Ill Patients And Legal Battles: Famous Cases

Ill patients and legal battles: famous cases

As French doctors begin switching off the life support of a man in a vegetative state for a decade, here are some similar cases that also involved major legal battles

Paris, (APP - UrduPoint / Pakistan Point News - 20th May, 2019 ) :As French doctors begin switching off the life support of a man in a vegetative state for a decade, here are some similar cases that also involved major legal battles: - Alfie Evans - After a highly-charged battle between the hospital and his parents, 23-month-old Alfie died in April 2018 when doctors in Liverpool, in northwestern England, withdrew life support.

He had a degenerative condition that caused irreversible brain damage and, when his condition worsened, doctors recommended in December 2017 the end of life support.

His parents led a high-prole legal battle in which they had the support of Pope Francis. They wanted to take him to a clinic in Rome but lost a final court appeal just days before he died.

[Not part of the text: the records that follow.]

Definition LZ (x : seq bool) : seq bool :=
  let ps := lz_parse x in
  flatten [seq lz_code (lz_ptr (take i ps) (nth [::] ps i))
                 ++ [:: last false (nth [::] ps i)] | i <- iota 0 (size ps)].

Definition LZ_deep (S : binseq) : Prop :=
  exists alpha : R, (0 < alpha)%R /\
    forall C : fst, ILFST C -> exists N, forall n, N <= n ->
      (INR (size (fst_out C (prefix S n))) - INR (size (LZ (prefix S n)))
         >= alpha * INR n)%R.

Definition io_LZ_deep (S : binseq) : Prop :=
  exists alpha : R, (0 < alpha)%R /\
    forall C : fst, ILFST C -> forall N, exists n, N <= n /\
      (INR (size (fst_out C (prefix S n))) - INR (size (LZ (prefix S n)))
         >= alpha * INR n)%R.

From Pilot Require Import Defs.
From mathcomp Require Import all_boot.
From Stdlib Require Import Reals Lra Wf_nat Classical.
From mathcomp Require Import ssrnat zify.

Set Implicit Arguments.
Unset Strict Implicit.
Unset Printing Implicit Defensive.

(** The sequence is built in phases. Phase [i] starts after a prefix of length [p];
  with [k = log2 (i+1)] (so that every [k] recurs), [l = 2^(4k+10)] and
  [r = 2^(p+l+64)], it consists of [r^2] copies of the concatenation of all words of
  length [l], followed by [i] times as many zeros as everything before.
  At the end of the repeated part, an information lossless transducer with [k]
  states, or any transducer with a description of size at most [k], must spend
  nearly [l] bits on almost every copy of almost every word of length [l], since
  these copies are distinct blocks. Meanwhile LZ78, whose phrases become long
  windows of the period, and a two-state transducer whose description contains the
  period compress that prefix to a small fraction of its length: this gives
  i.o. LZ-depth and FS-depth. At the end of the zeros of a late phase, a transducer
  collapsing runs of [K+1] zeros compresses the prefix to about [2n/(K+1)], so no
  fixed [alpha] separates every ILFST from LZ78 almost everywhere. *)

(** * Binary representations *)

Lemma bits_aux0 f : bits_aux f 0 = [::].
Proof. by case: f. Qed.

Lemma size_bits_aux f n : size (bits_aux f n) <= f.
Proof. by elim: f n => [|f IH] n //=; case: (n == 0) => //=; exact: IH. Qed.

Lemma size_bin n : size (bin n) <= n.
Proof. by rewrite /bin size_rev size_bits_aux. Qed.

Lemma expn_size_bits_aux f n : 0 < n -> 2 ^ size (bits_aux f n) <= n.*2.
Proof.
elim: f n => [|f IH] n n_gt0 /=; first lia.
rewrite ifF /=; last lia.
rewrite expnS; case: (posnP n./2) => [->|half_gt0]; first by rewrite bits_aux0 /=; lia.
by have := IH _ half_gt0; have := odd_double_half n; lia.
Qed.

Lemma size_bin_leq n s : n < 2 ^ s -> size (bin n) <= s.
Proof.
rewrite /bin size_rev; case: (posnP n) => [->|n_gt0 n_lt]; first by rewrite bits_aux0.
have := expn_size_bits_aux n n_gt0 => bits_le.
have : 2 ^ size (bits_aux n n) < 2 ^ s.+1 by rewrite expnS; lia.
by rewrite ltn_exp2l.
Qed.

Fixpoint lsb_val (u : seq bool) : nat :=
  if u is b :: u' then b + (lsb_val u').*2 else 1.

Lemma size_lt_lsb_val u : size u < lsb_val u.
Proof. by elim: u => [|b u IH] //=; lia. Qed.

Lemma bits_aux_lsb_val u f : size u < f -> bits_aux f (lsb_val u) = rcons u true.
Proof.
elim: u f => [|b u IH] [|f] hf //=; first by rewrite bits_aux0.
rewrite ifF; last by have := size_lt_lsb_val u; lia.
by rewrite /= oddD odd_double addbF oddb half_bit_double IH.
Qed.

Definition num_of_bstring (w : seq bool) : nat := lsb_val (rev w).

Lemma bin_num_of_bstring w : bin (num_of_bstring w) = true :: w.
Proof. by rewrite /bin bits_aux_lsb_val ?size_lt_lsb_val // rev_rcons revK. Qed.

Lemma bstring_num_of_bstring w : bstring (num_of_bstring w) = w.
Proof. by rewrite /bstring bin_num_of_bstring. Qed.

Lemma num_of_bstring_gt0 w : 0 < num_of_bstring w.
Proof. by have := size_lt_lsb_val (rev w); rewrite /num_of_bstring; lia. Qed.

Lemma size_dagger x : size (dagger x) = (size x).*2.
Proof.
elim: x => [|a [|b s] IH] //.
by rewrite [dagger _]/= /= IH /=; lia.
Qed.

Lemma size_diamond x : size (diamond x) = (size x).+1.*2.
Proof. by rewrite /diamond size_map size_dagger. Qed.

Lemma cat_eq_split (T : Type) (o r a b : seq T) :
  o ++ r = a ++ b -> size o <= size a ->
  a = o ++ drop (size o) a /\ r = drop (size o) a ++ b.
Proof.
move=> e le_oa; have ea := congr1 (take (size o)) e; have er := congr1 (drop (size o)) e.
rewrite take_size_cat // takel_cat // in ea.
rewrite drop_size_cat // drop_cat in er.
split; first by rewrite {1}ea cat_take_drop.
move: er; case: ltnP => // ge_oa.
by rewrite (_ : size o = size a) ?subnn ?drop0 ?drop_size //; lia.
Qed.

Lemma sumn_map_leq (A : eqType) (g : A -> nat) s B :
  {in s, forall x, g x <= B} -> sumn (map g s) <= size s * B.
Proof.
elim: s => [|a s IH] gB //=; rewrite mulSn.
by apply: leq_add; [apply: gB; rewrite mem_head | apply: IH => x sx; apply: gB; rewrite inE sx orbT].
Qed.

Lemma sumn_map_geq (A : eqType) (g : A -> nat) s B :
  {in s, forall x, B <= g x} -> size s * B <= sumn (map g s).
Proof.
elim: s => [|a s IH] gB //=; rewrite mulSn.
by apply: leq_add; [apply: gB; rewrite mem_head | apply: IH => x sx; apply: gB; rewrite inE sx orbT].
Qed.

Lemma leq_mul_count_sumn (A : Type) (f : A -> nat) T s :
  T * count (fun x => T <= f x) s <= sumn (map f s).
Proof.
elim: s => [|x s IH] /=; first by rewrite muln0.
by case: (leqP T (f x)) => /= h; lia.
Qed.

Lemma count_leq_card_inj (A : eqType) (U : finType) (P : pred A) (code : A -> U) s :
  uniq s -> {in s &, forall x y, P x -> P y -> code x = code y -> x = y} ->
  count P s <= #|U|.
Proof.
move=> s_uniq code_inj; rewrite -size_filter.
have /card_uniqP : uniq (map code [seq x <- s | P x]).
  rewrite map_inj_in_uniq ?filter_uniq // => x y.
  by rewrite !mem_filter => /andP[Px xs] /andP[Py ys]; exact: code_inj.
by rewrite size_map => <-; exact: max_card.
Qed.

Lemma sumn_lb_coded (A : eqType) (U : finType) (f : A -> nat) T (code : A -> U) s :
  uniq s -> {in s &, forall x y, f x < T -> f y < T -> code x = code y -> x = y} ->
  T * (size s - #|U|) <= sumn (map f s).
Proof.
move=> s_uniq code_inj.
have few_light : count (predC (fun x => T <= f x)) s <= #|U|.
  apply: (count_leq_card_inj (code := code)) => // x y xs ys /= Px Py.
  by apply: code_inj => //; lia.
apply: leq_trans (leq_mul_count_sumn f T s); apply: leq_mul (leqnn T) _.
by have := count_predC (fun x => T <= f x) s; lia.
Qed.

Definition padt T (s : seq bool) : T.-tuple bool := [tuple nth false s i | i < T].

Lemma padt_inj T s1 s2 : size s1 = size s2 -> size s1 <= T -> padt T s1 = padt T s2 -> s1 = s2.
Proof.
move=> e le_s1T eq_pad; apply/(@eq_from_nth _ false) => // i i_lt.
have iT : i < T by lia.
by have := congr1 (fun t => tnth t (Ordinal iT)) eq_pad; rewrite !tnth_mktuple.
Qed.

(** * Information lossless transducers on repeated blocks *)

Section IlfstBlocks.
Variable C : fst.
Local Notation Q := (fst_state C).
Local Notation dl := (@fst_delta C).

Lemma fst_run_cat (q : Q) x y :
  fst_run q (x ++ y) = fst_run q x ++ fst_run (foldl dl q x) y.
Proof. by elim: x q => [|b x IH] q //=; rewrite IH catA. Qed.

Definition reachable (q : Q) := exists z, fst_dhat C z = q.

Lemma reachable_foldl q u : reachable q -> reachable (foldl dl q u).
Proof. by case=> z <-; exists (z ++ u); rewrite /fst_dhat foldl_cat. Qed.

Lemma ilfst_run_inj q u v : ILFST C -> reachable q ->
  fst_run q u = fst_run q v -> foldl dl q u = foldl dl q v -> u = v.
Proof.
move=> C_il [z <-] eq_run eq_fin.
have /eqP : z ++ u = z ++ v.
  apply: C_il; rewrite /= /fst_out /fst_dhat !fst_run_cat !foldl_cat.
  by rewrite -/(fst_dhat C z) eq_run eq_fin.
by rewrite eqseq_cat // => /andP[_ /eqP].
Qed.

Fixpoint block_states (q : Q) (bs : seq (seq bool)) : seq (seq bool * Q) :=
  if bs is b :: bs' then (b, q) :: block_states (foldl dl q b) bs' else [::].

Lemma unzip1_block_states q bs : unzip1 (block_states q bs) = bs.
Proof. by elim: bs q => [|b bs IH] q //=; rewrite IH. Qed.

Lemma size_run_flatten q bs : size (fst_run q (flatten bs)) =
  sumn [seq size (fst_run bq.2 bq.1) | bq <- block_states q bs].
Proof. by elim: bs q => [|b bs IH] q //=; rewrite fst_run_cat size_cat IH. Qed.

Lemma block_states_reachable q bs bq :
  reachable q -> bq \in block_states q bs -> reachable bq.2.
Proof.
elim: bs q => [|b bs IH] q q_reach //=.
by rewrite inE => /predU1P[-> //|]; apply/IH/reachable_foldl.
Qed.

(* A block whose output is shorter than [T] is determined by its start state, its
   padded output and its end state, because [C] is information lossless. *)
Lemma ilfst_run_distinct_blocks q bs T : ILFST C -> reachable q -> uniq bs ->
  T * (size bs - #|{: Q * ('I_T.+1 * T.-tuple bool) * Q}|) <= size (fst_run q (flatten bs)).
Proof.
move=> C_il q_reach bs_uniq.
rewrite size_run_flatten -{1}(unzip1_block_states q bs) size_map.
apply: (sumn_lb_coded (code := fun bq : seq bool * Q =>
  (bq.2, (inord (size (fst_run bq.2 bq.1)), padt T (fst_run bq.2 bq.1)), foldl dl bq.2 bq.1))).
  apply: (@map_uniq _ _ (@Datatypes.fst _ _)).
  by have := unzip1_block_states q bs; rewrite /unzip1 => ->.
move=> [b1 s1] [b2 s2] in1 in2 /= short1 short2 codes_eq.
have /= eq_pad := congr1 (fun c => c.1.2.2) codes_eq.
case: codes_eq => eq_s eq_size _ eq_fin; subst s2.
have s1_reach := block_states_reachable q_reach in1.
move/(congr1 val): eq_size; rewrite /= !inordK ?ltnS ?(ltnW short1) ?(ltnW short2) // => eq_size.
by rewrite (ilfst_run_inj C_il s1_reach (padt_inj eq_size (ltnW short1) eq_pad) eq_fin).
Qed.

Lemma ilfst_run_repeated_blocks r bs T q : ILFST C -> reachable q -> uniq bs ->
  r * (T * (size bs - #|{: Q * ('I_T.+1 * T.-tuple bool) * Q}|))
    <= size (fst_run q (flatten (nseq r (flatten bs)))).
Proof.
move=> C_il; elim: r q => [|r IH] q q_reach bs_uniq; first by rewrite mul0n.
rewrite /= fst_run_cat size_cat mulSn.
by apply: leq_add; [exact: ilfst_run_distinct_blocks | apply/IH/bs_uniq/reachable_foldl].
Qed.

Lemma ilfst_out_repeated_blocks p r bs T : ILFST C -> uniq bs ->
  r * (T * (size bs - #|Q| * (T.+1 * 2 ^ T) * #|Q|))
    <= size (fst_out C (p ++ flatten (nseq r (flatten bs)))).
Proof.
move=> C_il bs_uniq; rewrite /fst_out fst_run_cat size_cat.
have /(ilfst_run_repeated_blocks r T C_il)/(_ bs_uniq) : reachable (foldl dl (fst_start C) p).
  by exists p.
by rewrite !card_prod card_ord card_tuple card_bool => /leq_trans; apply; exact: leq_addl.
Qed.
End IlfstBlocks.

(** * Transducers given by descriptions *)

Section DescribedRuns.
Variables (m k : nat) (ns ns' : seq nat).
Hypothesis m_gt0 : 0 < m.
Hypothesis dnu_short : forall q b, 0 < q <= m -> size (dnu ns' q b) < k.

Local Notation run := (drun m ns ns').

Definition dfinal q y := foldl (dnext m ns) q y.

Lemma dnext_state q b : 0 < dnext m ns q b <= m.
Proof. by rewrite /dnext; have := ltn_pmod (nth 0 ns (tpos q b)) m_gt0; lia. Qed.

Lemma dfinal_state q y : 0 < q <= m -> 0 < dfinal q y <= m.
Proof. by elim: y q => [|b y IH] q q_ok //=; apply/IH/dnext_state. Qed.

- Charlie Gard - Born in Britain in August 2016 with a rare form of mitochondrial disease that causes progressive muscle weakness, Charlie died one week short of his first birthday after doctors withdrew life support.

His parents had fought a five-month legal battle for him to be taken to the United States for experimental treatment. They lost a series of appeals in British courts and the European Court of Human Rights.

Charlie's case drew broad sympathy, including from US President Donald Trump and Pope Francis, while 350,000 people signed a petition demanding he be allowed to go to the United States.

- Charlotte Wyatt - The British girl was born three months prematurely in 2003 with serious brain, lung and kidney damage, weighing only one pound (0.5 kilogrammes) and measuring five inches (12.7 centimetres).

After she required resuscitation several times, a London court in 2004 gave doctors permission to allow her to die if her condition seriously deteriorated again.

Her parents lost in early 2005 a bid to have the ruling overturned but later that year won on appeal, although health authorities said artificial ventilation could still be denied if it were in Charlotte's best interests.

She survived but in a quasi-vegetative state.

- Eluana Englaro - The Italian had been in a coma for 17 years, following a road accident, when she died aged 38 in February 2009 of a heart attack, three days after her feeding was stopped at the request of her parents.

It followed a 10-year legal battle during which the Vatican and most of Italy's political right, including conservative Prime Minister Silvio Berlusconi, had campaigned against her family's wish for a mercy killing.

- Terri Schiavo - The parents of this severely brain-damaged Florida woman had fought for years for their daughter to be kept alive before the courts accepted her husband's plea that she be allowed to die.

Schiavo had been in what doctors called a "persistent vegetative state" for 15 years, after heart failure in 1990.

She died aged 41 in March 2005, 13 days after her feeding tube was removed and following a seven-year legal battle that drew in the president at the time, George W. Bush, and an array of religious conservative groups.

- Vincent Humbert - The French fireman was left blind, mute and paralysed after a car crash in 2000, even though he remained intellectually sound.

He had waged a passionate campaign for his right to die, pleading with President Jacques Chirac in 2002 for a dispensation from France's criminal ban on mercy killing, which was rejected.

He died in 2003 two days after his mother put an overdose of sedatives into his intravenous drip in hospital, causing him to plunge into a coma. A doctor then took him off an artificial respirator.

A criminal case against Humbert's mother and the doctor was dropped in 2006.